Abstract:
The field of artificial intelligence and its paradigms continue to achieve state-of-the-art accuracy in various
tasks. The future of artificial intelligence-based solutions will be populated with smart devices that
require low computational power and inexpensive hardware platforms. Typically, the machine learning
algorithms are complex, iterative, time-consuming, and hence are usually executed on general-purpose
or high-performance computers. The computational engine for inferencing is significantly less complex
than machine learning algorithms. While standard computers can incorporate sophisticated floatingpoint
units (FPU), this is not the case with embedded processors that may host a simplified FPU. On
dedicated inference engines, FPUs may not be possible due to cost (space, power, and speed). To solve
this problem, we focus on efficient algorithms for various building blocks of neural networks.
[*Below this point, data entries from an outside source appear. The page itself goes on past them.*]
Lemma img_conf {f : E -> E} {x : E -> Prop} :
  is_aut E f -> is_conf E x -> is_conf E (img f x).
Proof.
  intros (_ & Hsurj & Hle & Hcf & _) [[l Hl] [Hdown Hcfree]]. split; [|split].
  - exists (map f l). intros e [a [Ha ->]]. apply in_map, Hl, Ha.
  - intros c d Hcd [b [Hb ->]]. destruct (Hsurj c) as [a <-].
    exists a. split; [|reflexivity]. apply (Hdown a b); [apply Hle, Hcd | exact Hb].
  - intros c d [a [Ha ->]] [b [Hb ->]] Hab. apply (Hcfree a b Ha Hb), Hcf, Hab.
Qed.

Lemma img_subset_neg {f : E -> E} {x x' : E -> Prop} :
  is_aut E f -> subset_neg x x' -> subset_neg (img f x) (img f x').
Proof.
  intros (_ & _ & _ & _ & Hpol) [Hsub Hneg]. split.
  - intros b [a [Ha ->]]. exists a. split; [exact (Hsub a Ha) | reflexivity].
  - intros b [a [Ha ->]] Hn. rewrite Hpol. apply (Hneg a Ha).
    intros Hxa. apply Hn. exists a. split; [exact Hxa | reflexivity].
Qed.

(* The codomain [pcod (restr f x)] is [img f x] by conversion; several proofs
   below rely on this. *)
Definition restr (f : E -> E) (x : E -> Prop) : prel E :=
  fun a b => x a /\ b = f a.

Lemma pdom_restr (f : E -> E) (x : E -> Prop) : pdom (restr f x) = x.
Proof.
  apply pred_ext; intros a. split.
  - intros [b [Ha _]]. exact Ha.
  - intros Ha. exists (f a). split; [exact Ha | reflexivity].
Qed.

Lemma restr_conf_bij {f : E -> E} {x : E -> Prop} :
  is_aut E f -> is_conf E x -> conf_bij (restr f x).
Proof.
  intros Hf Hx. split; [|split; [|split]].
  - rewrite pdom_restr. exact Hx.
  - exact (img_conf Hf Hx).
  - intros a b b' [_ ->] [_ ->]. reflexivity.
  - intros a a' b [_ ->] [_ Heq]. apply (proj1 Hf), Heq.
Qed.

Lemma restr_pol_pres {f : E -> E} (x : E -> Prop) :
  is_aut E f -> pol_pres (restr f x).
Proof.
  intros (_ & _ & _ & _ & Hpol) a b [_ ->]. symmetry. apply Hpol.
Qed.

Lemma restr_ext (f h : E -> E) {x : E -> Prop} :
  (forall e, x e -> f e = h e) -> restr f x = restr h x.
Proof.
  intros H. apply prel_ext; intros a b. unfold restr.
  split; intros [Ha ->]; split; [exact Ha | apply H, Ha | exact Ha | symmetry; apply H, Ha].
Qed.

Lemma psub_restr (f : E -> E) {x x' : E -> Prop} :
  subset x x' -> psub (restr f x) (restr f x').
Proof. intros H a b [Ha ->]. split; [exact (H a Ha) | reflexivity]. Qed.

Lemma psub_restr_inv {f h : E -> E} {x x' : E -> Prop} :
  psub (restr f x) (restr h x') -> subset x x' /\ forall e, x e -> f e = h e.
Proof.
  intros H. split; intros e He;
    destruct (H e (f e) (conj He eq_refl)) as [Hx' Heq]; assumption.
Qed.

Lemma id_on_restr (x : E -> Prop) : id_on x = restr (fun e => e) x.
Proof. apply prel_ext; intros a b. split; intros [Ha Heq]; split; auto. Qed.

Lemma composable_restr {f h : E -> E} {x y : E -> Prop} :
  composable (restr f x) (restr h y) -> y = img f x.
Proof.
  unfold composable. intros H. rewrite pdom_restr in H.
  apply pred_ext; intros b. symmetry. apply H.
Qed.

Lemma pcomp_restr (f h : E -> E) (x : E -> Prop) :
  pcomp (restr f x) (restr h (img f x)) = restr (fun e => h (f e)) x.
Proof.
  apply prel_ext; intros a c. split.
  - intros [b [[Ha ->] [_ ->]]]. split; [exact Ha | reflexivity].
  - intros [Ha ->]. exists (f a).
    split; split; try reflexivity; [exact Ha | exists a; split; [exact Ha | reflexivity]].
Qed.

Lemma pinv_restr {f k : E -> E} (x : E -> Prop) :
  (forall e, k (f e) = e) -> pinv (restr f x) = restr k (img f x).
Proof.
  intros Hk. apply prel_ext; intros b a. unfold pinv, restr. split.
  - intros [Ha ->]. split; [exists a; split; [exact Ha | reflexivity] | symmetry; apply Hk].
  - intros [[a' [Ha' ->]] ->]. rewrite Hk. split; [exact Ha' | reflexivity].
Qed.

Lemma prestrict_restr (f : E -> E) {x x' : E -> Prop} :
  subset x' x -> prestrict (restr f x) x' = restr f x'.
Proof.
  intros H. apply prel_ext; intros a b. unfold prestrict, restr.
  split; [intros [[_ ->] Ha]; split; auto | intros [Ha ->]; split; auto].
Qed.

Definition restrictions (F : (E -> E) -> Prop) : prel E -> Prop :=
  fun t => exists f x, F f /\ is_conf E x /\ t = restr f x.

Lemma restrictions_mono {F F' : (E -> E) -> Prop} {t : prel E} :
  (forall f, F f -> F' f) -> restrictions F t -> restrictions F' t.
Proof. intros H (f & x & Hf & Hx & Ht). exists f, x. auto. Qed.

Definition is_aut_group (F : (E -> E) -> Prop) : Prop :=
  (forall f, F f -> is_aut E f) /\ F (fun e => e) /\
  (forall f h, F f -> F h -> F (fun e => h (f e))) /\
  (forall f, F f -> exists k, F k /\ forall e, k (f e) = e).

Lemma iso_family_restrictions {F : (E -> E) -> Prop} :
  is_aut_group F -> iso_family (restrictions F).
Proof.
  intros (Haut & Hid & Hcomp & Hinv).
  split; [|split; [|split; [|split; [|split]]]].
  - intros t (f & x & Hf & Hx & ->).
    split; [apply restr_conf_bij | apply restr_pol_pres]; auto.
  - intros x Hx. rewrite id_on_restr. exists (fun e => e), x. auto.
  - intros t t' (f & x & Hf & Hx & ->) (h & y & Hh & _ & ->) Hc.
    rewrite (composable_restr Hc), pcomp_restr. exists (fun e => h (f e)), x. auto.
  - intros t (f & x & Hf & Hx & ->). destruct (Hinv f Hf) as (k & Hk & Hkf).
    rewrite (pinv_restr x Hkf). exists k, (img f x). auto using img_conf.
  - intros t x' (f & x & Hf & _ & ->) Hx' Hsub. rewrite pdom_restr in Hsub.
    rewrite (prestrict_restr f Hsub). exists f, x'. auto.
  - intros t x' (f & x & Hf & _ & ->) Hx' Hsub. rewrite pdom_restr in Hsub.
    exists (restr f x'). split; [exists f, x'; auto|].
    split; [exact (psub_restr f Hsub) | rewrite pdom_restr; reflexivity].
Qed.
Our approach
starts by introducing the square law that significantly reduces the computation requirements of
machine learning models by eliminating the need for mathematical operators such as exponent, floatingpoint
division, square root, and logarithm. The square law algorithm can reduce computation time on
CPU by 1.3x to 4.3x and on ARM processors by 4x to 169x without hurting the prediction accuracy.
We also discovered that square law can be applied across a wide variety of machine learning building
blocks. We propose distinct technologies to make a complete neural network on a chip. The square
law-based solutions use standard digital building blocks and can be implemented on ASICs or FPGAs.
On ASIC platform, our algorithm records area efficiency (throughput per gate) of 1.79x to 3.75x over
baselines without hurting the prediction accuracy.